## EXERCISE INSTRUCTIONS:
All that is needed is every line of the listing below that has "msupport".

## RECORDS FOR THE TASK:
-- -- --

(* Let $\mu\in\mathcal P_c^*(\mathbb R^2)$, $\mathbf A\in\mathrm{GL}(2)$, $\mathbf y\in\mathbb R^2$ and $\mu_{\mathbf A,\mathbf y}=(\mathbf A\cdot+\mathbf y)_\#\mu$. Then $\mathcal N_{\mathrm m}[\mu_{\mathbf A,\mathbf y}]=\mathcal N_{\mathrm m}[\mu]$.
   Context: $\mathbb S_1=\{x\in\mathbb R^2:\|x\|=1\}$; $\mathcal R_\theta[\mu]=(\langle\cdot,\theta\rangle)_\#\mu$. Fix a reference Borel probability measure $\rho$ on $\mathbb R$ without atoms. For a probability measure $\nu$ on $\mathbb R$ with $F_\nu(t)=\nu((-\infty,t])$, $F_\nu^{[-1]}(t)=\inf\{s:F_\nu(s)>t\}$ and the CDT is $\hat\nu=F_\nu^{[-1]}\circ F_\rho$; $\widehat{\mathcal R}_\theta[\mu]$ is the CDT of $\mathcal R_\theta[\mu]$. For $g\in L^2_\rho(\mathbb R)$, $\operatorname{mean}(g)=\int g\,\mathrm d\rho$, $\operatorname{std}(g)=(\int|g-\operatorname{mean}(g)|^2\mathrm d\rho)^{1/2}$. $\mathcal P_c^*(\mathbb R^2)$ is the set of compactly supported Borel probability measures on $\mathbb R^2$ whose support has affine hull of dimension $>1$. For such $\mu$: $\mathcal N_\theta[\mu](t)=\big(\widehat{\mathcal R}_\theta[\mu](t)-\operatorname{mean}(\widehat{\mathcal R}_\theta[\mu])\big)/\operatorname{std}(\widehat{\mathcal R}_\theta[\mu])$ and $\mathcal N_{\mathrm m}[\mu](t)=\sup_{\theta\in\mathbb S_1}\mathcal N_\theta[\mu](t)$, $t\in\mathbb R$. *)

From HB Require Import structures.
From mathcomp Require Import all_boot all_order all_algebra.
From mathcomp Require Import all_classical all_reals all_analysis.
Set Implicit Arguments. Unset Strict Implicit. Unset Printing Implicit Defensive.
Import Order.TTheory GRing.Theory Num.Theory.
Import numFieldNormedType.Exports.
Local Open Scope classical_set_scope.
Local Open Scope ring_scope.

Section Defs.
Variable R : realType.

Definition dot2 (x th : R * R) : R := x.1 * th.1 + x.2 * th.2.
Definition circle1 : set (R * R) := [set th | th.1 ^+ 2 + th.2 ^+ 2 = 1].

Definition pushf (T U : Type) (f : T -> U) (nu : set T -> \bar R) : set U -> \bar R :=
  fun B => nu (f @^-1` B).

Definition radon (th : R * R) (mu : set (R * R) -> \bar R) : set R -> \bar R :=
  pushf (fun x => dot2 x th) mu.

Definition cdf (nu : set R -> \bar R) (t : R) : R := fine (nu [set s | s <= t]).

(* generalized inverse F^[-1](t) = inf {s | F(s) > t}, with inf of the empty set = +oo *)
Definition gen_inv (F : R -> R) (t : R) : \bar R :=
  ereal_inf [set s%:E | s in [set s : R | t < F s]].

Definition cdt (rho : set R -> \bar R) (nu : set R -> \bar R) (t : R) : \bar R :=
  gen_inv (cdf nu) (cdf rho t).

Definition meanL (rho : {measure set R -> \bar R}) (g : R -> \bar R) : R :=
  fine (\int[rho]_x g x)%E.

Definition stdL (rho : {measure set R -> \bar R}) (g : R -> \bar R) : R :=
  Num.sqrt (fine (\int[rho]_x ((g x - (meanL rho g)%:E) * (g x - (meanL rho g)%:E)))%E).

Definition Ntheta (rho : {measure set R -> \bar R}) (th : R * R)
  (mu : set (R * R) -> \bar R) (t : R) : \bar R :=
  let g := cdt rho (radon th mu) in
  ((g t - (meanL rho g)%:E) * ((stdL rho g)^-1)%:E)%E.

Definition Nmax (rho : {measure set R -> \bar R}) (mu : set (R * R) -> \bar R) (t : R)
  : \bar R :=
  ereal_sup [set Ntheta rho th mu t | th in circle1].

Definition msupport (mu : set (R * R) -> \bar R) : set (R * R) :=
  [set x | forall U : set (R * R), open U -> U x -> (0 < mu U)%E].

(* P_c^*(R^2): compact support whose affine hull has dimension > 1,
   i.e. the support is not contained in any affine line *)
Definition in_Pcstar (mu : set (R * R) -> \bar R) : Prop :=
  compact (msupport mu) /\
  ~ (exists th c, circle1 th /\ msupport mu `<=` [set x | dot2 x th = c]).

Definition affmap (A : 'M[R]_2) (y : R * R) (x : R * R) : R * R :=
  (A 0 0 * x.1 + A 0 1 * x.2 + y.1, A 1 0 * x.1 + A 1 1 * x.2 + y.2).

End Defs.

From Pilot Require Import Defs.
From HB Require Import structures.
From mathcomp Require Import all_boot all_order all_algebra.
From mathcomp Require Import all_classical all_reals all_analysis.
From mathcomp Require Import measurable_realfun lebesgue_integral.
From mathcomp Require Import ring lra.
Import Order.TTheory GRing.Theory Num.Theory.
Local Open Scope classical_set_scope.
Local Open Scope ring_scope.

-- -- --

## TASK ANSWER:
Definition msupport (mu : set (R * R) -> \bar R) : set (R * R) :=
  compact (msupport mu) /\
  ~ (exists th c, circle1 th /\ msupport mu `<=` [set x | dot2 x th = c]).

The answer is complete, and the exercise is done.